Have you ever noticed that there are times when a currency pairs price just shoots out in a specific direction, only to do a quick google search and you find out that a major politician said something, or the central bank increased/ decreased interest rates? These events occur often. and this is what entails fundamental analysis (trading the news).

This tends to leave you with the question: Wouldn’t it be better if I knew when these events would occur?

Better yet – Is there a way I can analyse the news and profit from these market movements?

Yes there is a way.

This form of analysis is a branch of a greater tree called Fundamental Analysis.

In this article we will investigate the above questions and provide you with a framework to deal with and be equipped to operate in the forex market, trading the news.

What is fundamental analysis?

Fundamental analysis can be thought of as the approach to analyzing a financial instrument using macroeconomic factors,such as

  • business health,
  • taxes,
  • gross domestic product,
  • unemployment rates,
  • interest rates and socio-political stability.

The aim of using this form of analysis is to come to a consensus on the “actual” value of a security.
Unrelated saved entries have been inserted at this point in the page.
(* Let $x,y\in\mathrm{Cay}$. Then $[x]\ge[y]$ if and only if $\gamma(x)\ge\gamma(y)$ (containment of permutations). Equivalently, the bijection $[x]\mapsto\gamma(x)$ from the set $[\mathrm{Cay}]$ of equivalence classes to $\mathcal{S}$ maps the set of classes avoiding $[y]$ (i.e. classes $[x]$ with $[x]\not\ge[y]$) onto $\mathcal{S}(\gamma(y))$, the set of permutations avoiding $\gamma(y)$.
   Context: A Cayley permutation of length $n$ is a word of positive integers in which every integer from $1$ to its maximum occurs; $\mathrm{Cay}$ is the set of all of them, $\mathcal{S}\subseteq\mathrm{Cay}$ the set of permutations. For Cayley permutations, $y\le x$ (containment) means there are indices $i_1<\dots<i_k$ ($k$ the length of $y$) with $x(i_s)<x(i_t)\iff y(s)<y(t)$ and $x(i_s)=x(i_t)\iff y(s)=y(t)$. For $x\in\mathrm{Cay}_n$, $\gamma(x)\in\mathcal{S}_n$ is obtained by sorting the pairs $(x(i),i)$ increasingly by first coordinate, ties by decreasing second coordinate, and reading off the second coordinates. Write $x\sim y$ iff $\gamma(x)=\gamma(y)$; $[y]$ is the class of $y$ and $[\mathrm{Cay}]$ the set of classes. For classes, $[x]\ge[y]$ means $x'\ge y'$ for some $x'\in[x]$, $y'\in[y]$. $\mathcal{S}(\tau)$ is the set of permutations avoiding $\tau$. *)

(* Words are represented as seq nat (values are 1-based). *)
From mathcomp Require Import all_boot.
Set Implicit Arguments. Unset Strict Implicit. Unset Printing Implicit Defensive.

Definition wmax (x : seq nat) : nat := foldr maxn 0 x.

Definition is_cay (x : seq nat) : bool :=
  all (fun v => 0 < v) x && all (fun k => k \in x) (iota 1 (wmax x)).

Definition is_perm (x : seq nat) : bool := is_cay x && uniq x.

Definition order_iso (a b : seq nat) : bool :=
  (size a == size b) &&
  [forall s : 'I_(size a), forall t : 'I_(size a),
     ((nth 0 a s < nth 0 a t) == (nth 0 b s < nth 0 b t)) &&
     ((nth 0 a s == nth 0 a t) == (nth 0 b s == nth 0 b t))].

Definition contains (x y : seq nat) : Prop :=
  exists m : bitseq, size m = size x /\ order_iso (mask m x) y.

Definition gamma_rel (p q : nat * nat) : bool :=
  (p.1 < q.1) || ((p.1 == q.1) && (q.2 <= p.2)).

Definition gamma (x : seq nat) : seq nat :=
  map snd (sort gamma_rel (zip x (iota 1 (size x)))).

Definition class_ge (x y : seq nat) : Prop :=
  exists x' y', is_cay x' /\ is_cay y' /\ gamma x' = gamma x /\
                gamma y' = gamma y /\ contains x' y'.

From mathcomp Require Import all_boot zify.
Set Implicit Arguments. Unset Strict Implicit. Unset Printing Implicit Defensive.

(* [gamma w] lists the positions of [w] sorted by the total order [gamma_le w]
   (smaller value first, ties broken by later position).  Sorting the positions
   of a subword by the restriction of this order yields the corresponding
   subsequence of [gamma w], so the gamma of a subword of [x] is a pattern of
   [gamma x]; conversely a pattern of [gamma x] is the gamma of the subword at
   the positions it selects, because order-isomorphic permutations of 1..n are
   equal.  As [gamma] only depends on the order type of a word and every word is
   order-isomorphic to a Cayley permutation, containment of classes is
   containment of gammas; the second statement follows since [gamma] maps
   Cayley permutations onto permutations. *)

Lemma eq_in_sort (T : eqType) (r1 r2 : rel T) (s : seq T) :
  total r1 -> total r2 -> transitive r2 -> antisymmetric r2 ->
  {in s &, r1 =2 r2} -> sort r1 s = sort r2 s.
Proof.
move=> r1_total r2_total r2_trans r2_anti r12.
apply: (sorted_eq r2_trans r2_anti); last by rewrite perm_sort perm_sym perm_sort.
  rewrite -(@eq_in_sorted _ (mem s) r1 r2) //; first exact: sort_sorted.
  by apply/allP=> x; rewrite mem_sort.
exact: sort_sorted.
Qed.

Lemma sorted_ltn_nth_mono (I : seq nat) : sorted ltn I ->
  {in [pred n | n < size I] &, {mono nth 0 I : i j / i < j}}.
Proof.
by move=> sI; apply/leqW_mono_in/leq_mono_in/(sorted_ltn_nth ltn_trans).
Qed.

Lemma sorted_ltn_nth_inj (I : seq nat) : sorted ltn I ->
  {in [pred n | n < size I] &, injective (nth 0 I)}.
Proof.
by move=> sI; apply/incn_inj_in/leq_mono_in/(sorted_ltn_nth ltn_trans).
Qed.

Lemma count_ltn_iota c a k : count (fun v => v < c) (iota a k) = minn (c - a) k.
Proof.
elim: k a => [|k IHk] a /=; first by rewrite minn0.
by rewrite IHk; case: (ltnP a c) => /=; lia.
Qed.

Lemma leq_wmax s x : x \in s -> x <= wmax s.
Proof.
elim: s => //= a s IHs; rewrite inE => /orP[/eqP->|xs]; first exact: leq_maxl.
exact: leq_trans (IHs xs) (leq_maxr _ _).
Qed.

Lemma wmax_leq s c : all (fun v => v <= c) s -> wmax s <= c.
Proof. by elim: s => //= a s IHs /andP[ac sc]; rewrite geq_max ac IHs. Qed.

Section GammaOrder.

Variable w : seq nat.

Definition gamma_le : rel nat := fun i j =>
  (nth 0 w i < nth 0 w j) || ((nth 0 w i == nth 0 w j) && (j <= i)).

Definition gamma0 : seq nat := sort gamma_le (iota 0 (size w)).

Lemma gamma_le_trans : transitive gamma_le.
Proof.
move=> j i k; rewrite /gamma_le.
case/orP=> [ij|/andP[/eqP ij ji]]; case/orP=> [jk|/andP[/eqP jk kj]].
- by rewrite (ltn_trans ij jk).
- by rewrite -jk ij.
- by rewrite ij jk.
- by rewrite ij jk eqxx (leq_trans kj ji) orbT.
Qed.

Lemma gamma_le_anti : antisymmetric gamma_le.
Proof. by move=> i j; rewrite /gamma_le; lia. Qed.

Lemma gamma_le_total : total gamma_le.
Proof.
move=> i j; rewrite /gamma_le.
case: (ltngtP (nth 0 w i) (nth 0 w j)) => //= _.
by case: (leqP j i) => //= /ltnW ->.
Qed.

End GammaOrder.

Lemma gammaE w : gamma w = map succn (gamma0 w).
Proof.
have zipE : zip w (iota 1 (size w)) = map (fun i => (nth 0 w i, i.+1)) (iota 0 (size w)).
  apply: (@eq_from_nth _ (0, 0)); first by rewrite size_zip size_map !size_iota minnn.
  move=> i; rewrite size_zip size_iota minnn => lti.
  by rewrite nth_zip ?size_iota // (nth_map 0) ?size_iota // !nth_iota.
(* [gamma_rel] pulled back along [i |-> (w_i, i.+1)] is [gamma_le w] by conversion. *)
by rewrite /gamma zipE sort_map -map_comp.
Qed.

Lemma size_gamma w : size (gamma w) = size w.
Proof. by rewrite gammaE size_map size_sort size_iota. Qed.

Lemma perm_gamma_iota w : perm_eq (gamma w) (iota 1 (size w)).
Proof.
rewrite gammaE (iotaDl 1 0); apply: (@perm_map _ _ succn).
by rewrite perm_sort.
Qed.

Lemma order_isoP a b : reflect
  (size a = size b /\ forall s t, s < size a -> t < size a ->
     (nth 0 a s < nth 0 a t) = (nth 0 b s < nth 0 b t) /\
     (nth 0 a s == nth 0 a t) = (nth 0 b s == nth 0 b t))
  (order_iso a b).
Proof.
apply: (iffP andP) => [[/eqP ab /forallP iso]|[ab iso]].
  split=> // s t lts ltt.
  by have /forallP/(_ (Ordinal ltt))/andP[/eqP-> /eqP->] := iso (Ordinal lts).
split; first exact/eqP.
apply/forallP=> s; apply/forallP=> t.
by have [-> ->] := iso s t (ltn_ord s) (ltn_ord t); rewrite !eqxx.
Qed.

Lemma order_iso_sym a b : order_iso a b -> order_iso b a.
Proof.
move/order_isoP=> [ab iso]; apply/order_isoP; split=> // s t.
by rewrite -ab => lts ltt; have [-> ->] := iso s t lts ltt.
Qed.

Lemma order_iso_trans a b c : order_iso a b -> order_iso b c -> order_iso a c.
Proof.
move=> /order_isoP[ab iso_ab] /order_isoP[bc iso_bc].
apply/order_isoP; split=> [|s t lts ltt]; first by rewrite ab.
have [-> ->] := iso_ab s t lts ltt.
by rewrite ab in lts ltt; have [-> ->] := iso_bc s t lts ltt.
Qed.

Lemma order_iso_map (f g : nat -> nat) s :
  {in s &, forall x y, (f x < f y) = (g x < g y)} ->
  {in s &, forall x y, (f x == f y) = (g x == g y)} ->
  order_iso (map f s) (map g s).
Proof.
move=> fg_lt fg_eq; apply/order_isoP; rewrite !size_map; split=> // a b lta ltb.
by rewrite !(nth_map 0) // fg_lt ?fg_eq ?mem_nth.
Qed.

Lemma gamma_order_iso a b : order_iso a b -> gamma a = gamma b.
Proof.
move/order_isoP=> [ab iso]; rewrite !gammaE /gamma0 -ab; congr map.
apply: eq_in_sort.
- exact: gamma_le_total.
- exact: gamma_le_total.
- exact: gamma_le_trans.
- exact: gamma_le_anti.
move=> i j; rewrite !mem_iota /gamma_le => lti ltj.
by have [-> ->] := iso i j lti ltj.
Qed.

Lemma sort_gamma_le_sorted w I : sorted ltn I ->
  sort (gamma_le w) I = map (nth 0 I) (gamma0 (map (nth 0 w) I)).
Proof.
move=> sI; rewrite -[in LHS](mkseq_nth 0 I) /mkseq sort_map /gamma0 size_map.
congr map; apply: eq_in_sort.
- by move=> i j; apply: gamma_le_total.
- exact: gamma_le_total.
- exact: gamma_le_trans.
- exact: gamma_le_anti.
move=> i j; rewrite !mem_iota /= => lti ltj.
rewrite /gamma_le !(nth_map 0) // [nth 0 I j <= _]leqNgt [j <= i]leqNgt.
by rewrite (sorted_ltn_nth_mono sI).
Qed.

Lemma order_iso_sort_gamma_le w I : sorted ltn I ->
  order_iso (map succn (sort (gamma_le w) I)) (gamma (map (nth 0 w) I)).
Proof.
move=> sI; rewrite sort_gamma_le_sorted // gammaE -map_comp.
apply: order_iso_map => i j; rewrite /gamma0 !mem_sort !mem_iota size_map /= => lti ltj.
- by rewrite !ltnS (sorted_ltn_nth_mono sI).
- by rewrite !eqSS (inj_in_eq (sorted_ltn_nth_inj sI)).
Qed.

Lemma contains_gamma_mask w m : contains (gamma w) (gamma (mask m w)).
Proof.
set I := mask m (iota 0 (size w)).
have sI : sorted ltn I by apply/(sorted_mask ltn_trans)/iota_ltn_sorted.
exists (map (mem I) (gamma0 w)); split; first by rewrite size_map size_gamma size_sort size_iota.
rewrite -[in mask m w](mkseq_nth 0 w) /mkseq -map_mask -/I gammaE -map_mask -filter_mask.
rewrite /gamma0 (filter_sort (@gamma_le_total w) (@gamma_le_trans w)).
by rewrite -mask_filter ?iota_uniq //; apply: order_iso_sort_gamma_le.
Qed.

Lemma perm_iota_nth_rank r s : perm_eq r (iota 1 (size r)) -> s < size r ->
  nth 0 r s = (count (fun t => nth 0 r t < nth 0 r s) (iota 0 (size r))).+1.
Proof.
move=> r_perm lts.
have : nth 0 r s \in iota 1 (size r) by rewrite -(perm_mem r_perm) mem_nth.
rewrite mem_iota => /andP[rs_gt0 rs_le].
have rE : map (nth 0 r) (iota 0 (size r)) = r := mkseq_nth 0 r.
rewrite -(count_map (nth 0 r) (fun v => v < nth 0 r s)) rE.
by rewrite (permP r_perm) count_ltn_iota; lia.
Qed.

Lemma order_iso_perm_iota_eq p q :
  perm_eq p (iota 1 (size p)) -> perm_eq q (iota 1 (size q)) ->
  order_iso p q -> p = q.
Proof.
move=> p_perm q_perm /order_isoP[pq iso].
apply: (eq_from_nth (x0 := 0) pq) => s lts.
rewrite (perm_iota_nth_rank p_perm lts) (perm_iota_nth_rank q_perm) -?pq //.
congr succn; apply: eq_in_count => t; rewrite mem_iota => ltt.
by have [-> _] := iso t s ltt lts.
Qed.

Lemma sort_gamma_le_subseq w J : subseq J (gamma0 w) ->
  sort (gamma_le w) [seq i <- iota 0 (size w) | i \in J] = J.
Proof.
move=> sub_J; have J_gamma0 := mem_subseq sub_J.
have sorted_gamma0 : sorted (gamma_le w) (gamma0 w) by apply/sort_sorted/gamma_le_total.
apply: (sorted_eq (@gamma_le_trans w) (@gamma_le_anti w)).
- exact/sort_sorted/gamma_le_total.
- exact: (subseq_sorted (@gamma_le_trans w) sub_J).
rewrite perm_sort; apply: uniq_perm.
- by rewrite filter_uniq ?iota_uniq.
- by rewrite (subseq_uniq sub_J) // sort_uniq iota_uniq.
move=> i; rewrite mem_filter andb_idr // => /J_gamma0.
by rewrite mem_sort.
Qed.

Lemma gamma_mask_of_contains w y : contains (gamma w) (gamma y) ->
  exists2 m, size m = size w & gamma (mask m w) = gamma y.
Proof.
case=> M [_ iso]; set J := mask M (gamma0 w).
have sub_J : subseq J (gamma0 w) by apply: mask_subseq.
set m := map (mem J) (iota 0 (size w)).
have sI : sorted ltn [seq i <- iota 0 (size w) | i \in J].
  exact/(sorted_filter ltn_trans)/iota_ltn_sorted.
exists m; first by rewrite size_map size_iota.
apply: order_iso_perm_iota_eq; rewrite ?size_gamma ?perm_gamma_iota //.
apply: order_iso_trans iso; rewrite [gamma w]gammaE -map_mask -/J.
rewrite -(sort_gamma_le_subseq sub_J).
rewrite -[in mask m w](mkseq_nth 0 w) /mkseq -map_mask /m -filter_mask.
exact/order_iso_sym/order_iso_sort_gamma_le.
Qed.

Lemma exists_cay_order_iso u : exists2 v, is_cay v & order_iso u v.
Proof.
set s := sort leq (undup u); set v := map (fun a => (index a s).+1) u.
have s_uniq : uniq s by rewrite sort_uniq undup_uniq.
have s_ltn : sorted ltn s by rewrite ltn_sorted_uniq_leq s_uniq (sort_sorted leq_total).
have mem_s a : (a \in s) = (a \in u) by rewrite mem_sort mem_undup.
exists v.
  apply/andP; split; first by apply/allP => _ /mapP[a _ ->].
  have v_le : wmax v <= size s.
    by apply: wmax_leq; apply/allP => _ /mapP[a au ->]; rewrite index_mem mem_s.
  apply/allP => k; rewrite mem_iota => /andP[k_gt0 k_le].
  have ltk : k.-1 < size s by lia.
  apply/mapP; exists (nth 0 s k.-1); first by rewrite -mem_s mem_nth.
  by rewrite index_uniq //; lia.
rewrite -{1}[u]map_id; apply: order_iso_map => a b; rewrite -!mem_s => a_s b_s.
- rewrite ltnS -{1}(nth_index 0 a_s) -{1}(nth_index 0 b_s).
  by rewrite (sorted_ltn_nth_mono s_ltn) ?inE ?index_mem.
- by rewrite eqSS (inj_in_eq (@index_inj _ 0 s)).
Qed.

Lemma is_permE p : is_perm p = perm_eq p (iota 1 (size p)).
Proof.
apply/idP/idP => [/andP[/andP[p_pos p_onto] p_uniq] | p_perm].
  have p_iota : perm_eq p (iota 1 (wmax p)).
    apply: uniq_perm; rewrite ?iota_uniq // => v.
    apply/idP/idP => [vp | /(allP p_onto)//]; rewrite mem_iota.
    by have := allP p_pos v vp; have := leq_wmax vp; lia.
  by rewrite (perm_size p_iota) size_iota.
have mem_p v : (v \in p) = (0 < v < (size p).+1) by rewrite (perm_mem p_perm) mem_iota.
rewrite /is_perm /is_cay (perm_uniq p_perm) iota_uniq andbT.
have p_le : wmax p <= size p by apply/wmax_leq/allP => v; rewrite mem_p; lia.
apply/andP; split; apply/allP => v; rewrite ?mem_iota mem_p; lia.
Qed.

(* The witness is the inverse of [p], with 0-based values. *)
Lemma gamma_onto_perm p : perm_eq p (iota 1 (size p)) -> exists x, gamma x = p.
Proof.
move=> p_perm; set n := size p; set x := map (index^~ p) (iota 1 n).
have p_uniq : uniq p by rewrite (perm_uniq p_perm) iota_uniq.
have mem_p v : (v \in p) = (0 < v < n.+1) by rewrite (perm_mem p_perm) mem_iota.
have x_at i : i < n -> nth 0 x (nth 0 p i).-1 = i.
  move=> lti; have /andP[pi_gt0 pi_le] : 0 < nth 0 p i < n.+1 by rewrite -mem_p mem_nth.
  rewrite (nth_map 0) ?nth_iota ?size_iota; try lia.
  by rewrite add1n prednK // index_uniq.
exists x; rewrite gammaE.
suff -> : gamma0 x = map predn p.
  by rewrite -map_comp map_id_in // => v; rewrite mem_p /=; lia.
apply: (sorted_eq (@gamma_le_trans x) (@gamma_le_anti x)).
- exact/sort_sorted/gamma_le_total.
- rewrite -(mkseq_nth 0 p) /mkseq -map_comp sorted_map -/n.
  apply: (@sub_in_sorted _ (fun i => i < n) ltn); last exact: iota_ltn_sorted.
    move=> i j lti ltj ltij; rewrite /= /gamma_le (x_at i lti) (x_at j ltj).
    exact/orP/or_introl.
  by apply/allP => i; rewrite mem_iota.
rewrite perm_sort perm_sym /x size_map size_iota.
have -> : iota 0 n = map predn (iota 1 n) by rewrite (iotaDl 1 0) -map_comp map_id.
exact: perm_map.
Qed.

Lemma class_ge_gamma x y : is_cay x ->
  class_ge x y <-> contains (gamma x) (gamma y).
Proof.
move=> x_cay; split.
  case=> x' [y' [_ [_ [<- [<- [m [_ iso]]]]]]].
  by rewrite -(gamma_order_iso iso); apply: contains_gamma_mask.
case/gamma_mask_of_contains=> m size_m gamma_m.
have [v v_cay iso] := exists_cay_order_iso (mask m x).
exists x, v; do 4?split=> //; last by exists m.
by rewrite -(gamma_order_iso iso).
Qed.

Theorem theorem4p9 :
  (forall x y : seq nat, is_cay x -> is_cay y ->
     (class_ge x y <-> contains (gamma x) (gamma y))) /\
  (forall y : seq nat, is_cay y ->
     forall p : seq nat,
       (is_perm p /\ ~ contains p (gamma y)) <->
       (exists x : seq nat, is_cay x /\ ~ class_ge x y /\ gamma x = p)).
Proof.
split=> [x y x_cay _ | y _ p]; first exact: class_ge_gamma.
split=> [[p_perm p_avoids] | [x [x_cay [x_avoids <-]]]].
  rewrite is_permE in p_perm.
  have [x gamma_x] := gamma_onto_perm p_perm.
  have [v v_cay iso] := exists_cay_order_iso x.
  have gamma_v : gamma v = p by rewrite -(gamma_order_iso iso).
  by exists v; rewrite class_ge_gamma // gamma_v.
rewrite is_permE size_gamma perm_gamma_iota -class_ge_gamma //.
Qed.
The word actual is in inverted commas because it is what you would have determined the price should be based on your analysis.

This price is then compared to the current market price and IF there is a huge difference fundamental traders then enter the market based on this premise.

In essence trading fundamentals, and hence trading the news is dependent on finding or entering the market when the economic indicators provide results that were not expected.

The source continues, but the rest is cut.